_About this task_
Output only the lines below from the one containing "(* successor-based ips(A,B)" to the one containing "Section Sem.", exactly as written, both ends kept.
[Available data — start]
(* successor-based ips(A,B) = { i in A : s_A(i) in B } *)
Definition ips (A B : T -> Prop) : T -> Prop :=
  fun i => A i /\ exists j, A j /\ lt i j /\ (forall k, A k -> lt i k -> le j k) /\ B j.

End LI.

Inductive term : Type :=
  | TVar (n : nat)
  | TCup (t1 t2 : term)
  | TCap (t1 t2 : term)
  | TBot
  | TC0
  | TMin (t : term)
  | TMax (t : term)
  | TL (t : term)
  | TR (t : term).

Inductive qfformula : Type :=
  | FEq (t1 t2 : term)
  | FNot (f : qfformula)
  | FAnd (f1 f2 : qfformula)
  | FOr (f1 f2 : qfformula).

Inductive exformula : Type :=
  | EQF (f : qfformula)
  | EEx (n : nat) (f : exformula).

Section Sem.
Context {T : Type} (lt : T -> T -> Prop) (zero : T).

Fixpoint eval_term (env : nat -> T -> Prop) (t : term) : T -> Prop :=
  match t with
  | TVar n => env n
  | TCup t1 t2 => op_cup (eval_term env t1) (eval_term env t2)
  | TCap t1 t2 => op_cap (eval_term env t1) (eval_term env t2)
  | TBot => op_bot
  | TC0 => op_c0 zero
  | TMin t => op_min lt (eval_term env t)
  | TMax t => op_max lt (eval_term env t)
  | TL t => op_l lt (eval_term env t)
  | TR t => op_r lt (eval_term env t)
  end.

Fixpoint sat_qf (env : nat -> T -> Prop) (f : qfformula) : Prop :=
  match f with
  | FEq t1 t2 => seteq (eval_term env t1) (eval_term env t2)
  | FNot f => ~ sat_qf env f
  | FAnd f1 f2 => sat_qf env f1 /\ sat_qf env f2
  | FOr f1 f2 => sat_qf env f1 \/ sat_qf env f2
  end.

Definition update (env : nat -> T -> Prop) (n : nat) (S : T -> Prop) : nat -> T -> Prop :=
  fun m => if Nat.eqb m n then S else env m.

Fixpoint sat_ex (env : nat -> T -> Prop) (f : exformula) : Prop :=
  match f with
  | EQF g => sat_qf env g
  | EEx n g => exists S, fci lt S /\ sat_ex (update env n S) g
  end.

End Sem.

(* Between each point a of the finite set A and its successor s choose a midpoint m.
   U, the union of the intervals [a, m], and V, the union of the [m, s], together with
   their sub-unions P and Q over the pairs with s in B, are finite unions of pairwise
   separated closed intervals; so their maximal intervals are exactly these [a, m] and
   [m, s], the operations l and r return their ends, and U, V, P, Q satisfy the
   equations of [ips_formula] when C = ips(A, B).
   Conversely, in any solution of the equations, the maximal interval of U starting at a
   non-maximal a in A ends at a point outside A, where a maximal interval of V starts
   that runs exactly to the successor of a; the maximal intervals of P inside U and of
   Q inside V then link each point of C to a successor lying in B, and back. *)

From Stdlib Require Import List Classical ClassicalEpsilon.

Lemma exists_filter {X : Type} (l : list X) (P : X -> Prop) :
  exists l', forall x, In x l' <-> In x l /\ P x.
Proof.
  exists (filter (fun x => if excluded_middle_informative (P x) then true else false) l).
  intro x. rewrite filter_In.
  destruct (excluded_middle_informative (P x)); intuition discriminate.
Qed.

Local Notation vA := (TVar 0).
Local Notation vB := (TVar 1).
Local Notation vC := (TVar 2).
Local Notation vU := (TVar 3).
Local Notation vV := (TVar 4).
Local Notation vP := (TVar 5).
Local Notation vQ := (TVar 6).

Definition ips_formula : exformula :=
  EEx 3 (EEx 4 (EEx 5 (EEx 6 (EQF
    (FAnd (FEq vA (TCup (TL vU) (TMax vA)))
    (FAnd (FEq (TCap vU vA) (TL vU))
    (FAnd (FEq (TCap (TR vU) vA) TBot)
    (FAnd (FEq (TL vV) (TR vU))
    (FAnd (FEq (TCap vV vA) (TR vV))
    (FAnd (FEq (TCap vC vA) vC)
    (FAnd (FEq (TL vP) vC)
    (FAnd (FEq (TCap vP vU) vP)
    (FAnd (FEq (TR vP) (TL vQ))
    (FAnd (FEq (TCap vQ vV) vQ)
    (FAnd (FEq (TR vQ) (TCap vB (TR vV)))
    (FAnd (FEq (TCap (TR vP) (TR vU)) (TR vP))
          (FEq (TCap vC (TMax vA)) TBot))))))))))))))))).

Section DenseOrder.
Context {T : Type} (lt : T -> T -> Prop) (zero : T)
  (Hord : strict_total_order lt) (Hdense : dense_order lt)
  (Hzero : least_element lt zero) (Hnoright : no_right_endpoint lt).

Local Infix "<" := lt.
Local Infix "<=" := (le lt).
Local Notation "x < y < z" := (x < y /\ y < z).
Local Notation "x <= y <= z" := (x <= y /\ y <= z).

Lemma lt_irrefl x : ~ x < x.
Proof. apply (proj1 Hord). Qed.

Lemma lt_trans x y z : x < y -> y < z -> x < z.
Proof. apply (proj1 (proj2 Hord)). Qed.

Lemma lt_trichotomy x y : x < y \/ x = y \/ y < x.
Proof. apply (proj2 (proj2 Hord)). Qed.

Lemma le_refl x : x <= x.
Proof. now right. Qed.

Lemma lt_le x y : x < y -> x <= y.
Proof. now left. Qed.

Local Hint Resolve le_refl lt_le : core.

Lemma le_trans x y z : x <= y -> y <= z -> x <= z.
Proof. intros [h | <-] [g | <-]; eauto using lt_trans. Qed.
[Available data — finish]
[Available data — start]
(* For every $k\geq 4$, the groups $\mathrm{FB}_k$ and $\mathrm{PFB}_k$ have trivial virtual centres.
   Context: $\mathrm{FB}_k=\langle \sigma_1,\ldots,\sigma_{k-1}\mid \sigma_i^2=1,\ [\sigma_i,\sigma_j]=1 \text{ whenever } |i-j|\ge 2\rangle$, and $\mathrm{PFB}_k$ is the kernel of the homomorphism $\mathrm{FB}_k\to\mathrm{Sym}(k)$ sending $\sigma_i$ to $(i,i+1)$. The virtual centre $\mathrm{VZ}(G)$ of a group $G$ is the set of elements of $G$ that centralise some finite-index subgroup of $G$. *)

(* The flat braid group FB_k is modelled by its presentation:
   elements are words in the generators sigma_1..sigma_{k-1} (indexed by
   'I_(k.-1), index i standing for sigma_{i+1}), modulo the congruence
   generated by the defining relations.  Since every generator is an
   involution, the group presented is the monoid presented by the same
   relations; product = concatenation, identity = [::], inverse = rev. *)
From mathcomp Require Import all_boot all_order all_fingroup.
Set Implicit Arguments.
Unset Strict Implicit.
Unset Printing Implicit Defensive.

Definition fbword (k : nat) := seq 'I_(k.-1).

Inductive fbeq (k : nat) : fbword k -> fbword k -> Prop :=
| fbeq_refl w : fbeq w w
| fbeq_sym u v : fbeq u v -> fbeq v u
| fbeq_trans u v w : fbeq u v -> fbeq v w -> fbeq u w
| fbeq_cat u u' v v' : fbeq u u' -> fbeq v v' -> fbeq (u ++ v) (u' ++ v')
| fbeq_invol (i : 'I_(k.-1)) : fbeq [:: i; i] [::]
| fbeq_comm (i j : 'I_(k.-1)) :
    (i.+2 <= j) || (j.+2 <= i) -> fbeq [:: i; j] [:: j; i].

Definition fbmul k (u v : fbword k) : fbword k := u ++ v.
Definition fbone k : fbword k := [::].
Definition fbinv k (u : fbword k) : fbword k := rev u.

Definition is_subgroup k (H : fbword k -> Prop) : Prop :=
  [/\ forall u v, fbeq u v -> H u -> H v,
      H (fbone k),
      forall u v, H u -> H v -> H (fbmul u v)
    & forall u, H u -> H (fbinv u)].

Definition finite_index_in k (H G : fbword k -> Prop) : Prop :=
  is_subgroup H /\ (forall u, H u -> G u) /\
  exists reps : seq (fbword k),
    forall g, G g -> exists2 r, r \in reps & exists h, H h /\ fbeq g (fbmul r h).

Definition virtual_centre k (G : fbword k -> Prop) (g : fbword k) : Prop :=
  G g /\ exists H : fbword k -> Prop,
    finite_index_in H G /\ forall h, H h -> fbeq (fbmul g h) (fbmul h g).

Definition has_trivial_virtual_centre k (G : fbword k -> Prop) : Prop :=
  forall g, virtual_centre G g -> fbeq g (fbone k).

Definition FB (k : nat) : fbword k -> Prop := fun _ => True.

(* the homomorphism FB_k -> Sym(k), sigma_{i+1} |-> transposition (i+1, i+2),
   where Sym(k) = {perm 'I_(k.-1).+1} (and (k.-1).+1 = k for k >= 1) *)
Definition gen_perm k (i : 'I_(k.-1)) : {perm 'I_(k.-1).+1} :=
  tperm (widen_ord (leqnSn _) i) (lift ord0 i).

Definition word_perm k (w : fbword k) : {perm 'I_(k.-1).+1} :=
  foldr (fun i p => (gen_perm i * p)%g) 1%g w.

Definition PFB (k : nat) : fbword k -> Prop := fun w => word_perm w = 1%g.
[Available data — finish]
_Answer_
(* successor-based ips(A,B) = { i in A : s_A(i) in B } *)
Definition ips (A B : T -> Prop) : T -> Prop :=
  fun i => A i /\ exists j, A j /\ lt i j /\ (forall k, A k -> lt i k -> le j k) /\ B j.

End LI.

Inductive term : Type :=
  | TVar (n : nat)
  | TCup (t1 t2 : term)
  | TCap (t1 t2 : term)
  | TBot
  | TC0
  | TMin (t : term)
  | TMax (t : term)
  | TL (t : term)
  | TR (t : term).

Inductive qfformula : Type :=
  | FEq (t1 t2 : term)
  | FNot (f : qfformula)
  | FAnd (f1 f2 : qfformula)
  | FOr (f1 f2 : qfformula).

Inductive exformula : Type :=
  | EQF (f : qfformula)
  | EEx (n : nat) (f : exformula).

Section Sem.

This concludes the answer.